From the data below, repeat exactly the lines from the line with "Open Scope R_scope." to the line with "sin (pi/6), sin", both included.
** Opening Record excerpts block **
Definition cbin (k : nat) : R := Binomial.C (2 * k) k.

Definition term (x : R) (k : nat) : R :=
  cbin k * Hbar2 k / (2 * INR k + 1) * x ^ k.

From Stdlib Require Import Reals Lra Lia Psatz Factorial.
From Coquelicot Require Import Coquelicot.
Open Scope R_scope.

(* Let s = 1 or s = -1, b_k = C(2k,k) / (4^k (2k+1)), and put
     A(y) = sum_k s^k b_k y^(2k+1)   (arcsin for s = 1, arsinh for s = -1),
     F(y) = sum_k 6 s^(k+1) b_k Hbar2_k y^(2k+1).
   From b_(k+1) (2k+2) (2k+3) = (2k+1)^2 b_k and Hbar2_(k+1) = Hbar2_k + 1/(2k+1)^2,
   comparing coefficients gives (1 - s y^2) A'' - s y A' = 0 and
   (1 - s y^2) F'' - s y F' = 6 A.  Along a path with y'' = -s y and y'^2 = 1 - s y^2
   (y = sin for s = 1, y = sinh for s = -1) these read d/dt (A'(y) y') = 0 and
   d/dt (F'(y) y') = 6 A(y), so A(y(t)) = t and F(y(t)) = t^3.  Finally
   s F(y) / (6 y) = sum_k term (s y^2 / 4) k, and the six sums are the values at
   sin (pi/6), sin (pi/4), sin (pi/3), sinh (log sqrt 2), sinh (log sqrt 3) and
   sinh (log ((sqrt 5 + 1) / 2)). *)

Lemma cbin_mul_fact_sqr k : cbin k * INR (fact k) ^ 2 = INR (fact (2 * k)).
Proof.
  unfold cbin, Binomial.C. replace (2 * k - k)%nat with k by lia.
  pose proof (INR_fact_lt_0 k). field. lra.
Qed.
Theorem corollary5p10 (R : realType) (E : VL R) (F : set E)
    (NF : set (set E)) :
  is_ideal F -> order_dense F -> o_Lebesgue_in F NF ->
  (* u_F tau_F is a uo-Lebesgue topology on E *)
  uo_Lebesgue_in setT (uF F NF) /\
  (* the parenthetical remark in (b) *)
  (metrisable_in F NF -> uo_Lebesgue_in F NF ->
     has_countable_order_basis_in F) /\
  ((countable_sup_property E \/
    (metrisable_in F NF /\ has_countable_order_basis_in F)) ->
   [/\ carrier (uF F NF) = setT,
       (* (1) *)
       (forall (A : Type) (leA : A -> A -> Prop) (x : A -> E) (l : E),
          directed leA -> tconv (uF F NF) leA x l ->
          exists al : nat -> A,
            [/\ embedded_seq leA al,
                uoconv_in setT nat_le (fun n => x (al n)) l &
                tconv (uF F NF) nat_le (fun n => x (al n)) l]) &
       (* (2) *)
       (forall (x : nat -> E) (l : E),
          tconv (uF F NF) nat_le x l <->
          (forall p : nat -> nat, strict_incr p ->
             exists q : nat -> nat, strict_incr q /\
               uoconv_in setT nat_le (fun n => x (p (q n))) l))]).
Proof.
move=> hI hD hL; have huoL := uF_uo_Lebesgue hI hD hL.
split=> //; split=> [hm huo|hcase].
  exact: metrisable_uo_Lebesgue_countable_order_basis hI huo hm.
have hC := carrier_uF_setT hI hD hL hcase.
have hCx x : carrier (uF F NF) x by rewrite hC.
split=> //.
- by move=> A leA x l; apply: uo_Lebesgue_embedded_seq.
- exact: uo_Lebesgue_seqP.
Qed.
Lemma haar_step_swap_parent : s <> 0 ->
  haar_step a (2 * P) i (swap_index P i m)
  = (haar_step (s * a) P (2 * i - 1) m + haar_step (s * a) P (2 * i) m) / s.
Proof. intro; block_cases P i m; field; auto. Qed.

Lemma haar_step_swap_left_child :
  haar_step (s * a) P (2 * i - 1) (swap_index P i m)
  = (s * haar_step a (2 * P) i m + haar_step (s * a) P (2 * i - 1) m
     - haar_step (s * a) P (2 * i) m) / 2.
Proof. block_cases P i m; field. Qed.

Lemma haar_step_swap_right_child :
  haar_step (s * a) P (2 * i) (swap_index P i m)
  = (s * haar_step a (2 * P) i m - haar_step (s * a) P (2 * i - 1) m
     + haar_step (s * a) P (2 * i) m) / 2.
Proof. block_cases P i m; field. Qed.

Lemma haar_step_swap_shift_up :
  ((4 * i - 3) * P <= j - 1)%Z -> (j <= (4 * i - 2) * P)%Z ->
  haar_step a 1 j (swap_index (2 * P) i m) = haar_step a 1 (j + P) m.
Proof. intros; block_cases (2 * P)%Z i m; reflexivity. Qed.

Lemma haar_step_swap_shift_down :
  ((4 * i - 2) * P <= j - 1)%Z -> (j <= (4 * i - 1) * P)%Z ->
  haar_step a 1 j (swap_index (2 * P) i m) = haar_step a 1 (j - P) m.
Proof. intros; block_cases (2 * P)%Z i m; reflexivity. Qed.

Lemma haar_step_swap_fixed_fine :
  ~ ((4 * i - 3) * P <= j - 1 /\ j <= (4 * i - 2) * P)%Z ->
  ~ ((4 * i - 2) * P <= j - 1 /\ j <= (4 * i - 1) * P)%Z ->
  haar_step a 1 j (swap_index (2 * P) i m) = haar_step a 1 j m.
Proof. intros; block_cases (2 * P)%Z i m; reflexivity. Qed.

Lemma haar_step_swap_fixed_coarse :
  haar_step a (4 * P) j (swap_index 1 i m) = haar_step a (4 * P) j m.
Proof. block_cases 1%Z i m; reflexivity. Qed.

End BlockSwap.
** Closing Record excerpts block **
_Answer space_:
Open Scope R_scope.

(* Let s = 1 or s = -1, b_k = C(2k,k) / (4^k (2k+1)), and put
     A(y) = sum_k s^k b_k y^(2k+1)   (arcsin for s = 1, arsinh for s = -1),
     F(y) = sum_k 6 s^(k+1) b_k Hbar2_k y^(2k+1).
   From b_(k+1) (2k+2) (2k+3) = (2k+1)^2 b_k and Hbar2_(k+1) = Hbar2_k + 1/(2k+1)^2,
   comparing coefficients gives (1 - s y^2) A'' - s y A' = 0 and
   (1 - s y^2) F'' - s y F' = 6 A.  Along a path with y'' = -s y and y'^2 = 1 - s y^2
   (y = sin for s = 1, y = sinh for s = -1) these read d/dt (A'(y) y') = 0 and
   d/dt (F'(y) y') = 6 A(y), so A(y(t)) = t and F(y(t)) = t^3.  Finally
   s F(y) / (6 y) = sum_k term (s y^2 / 4) k, and the six sums are the values at
   sin (pi/6), sin (pi/4), sin (pi/3), sinh (log sqrt 2), sinh (log sqrt 3) and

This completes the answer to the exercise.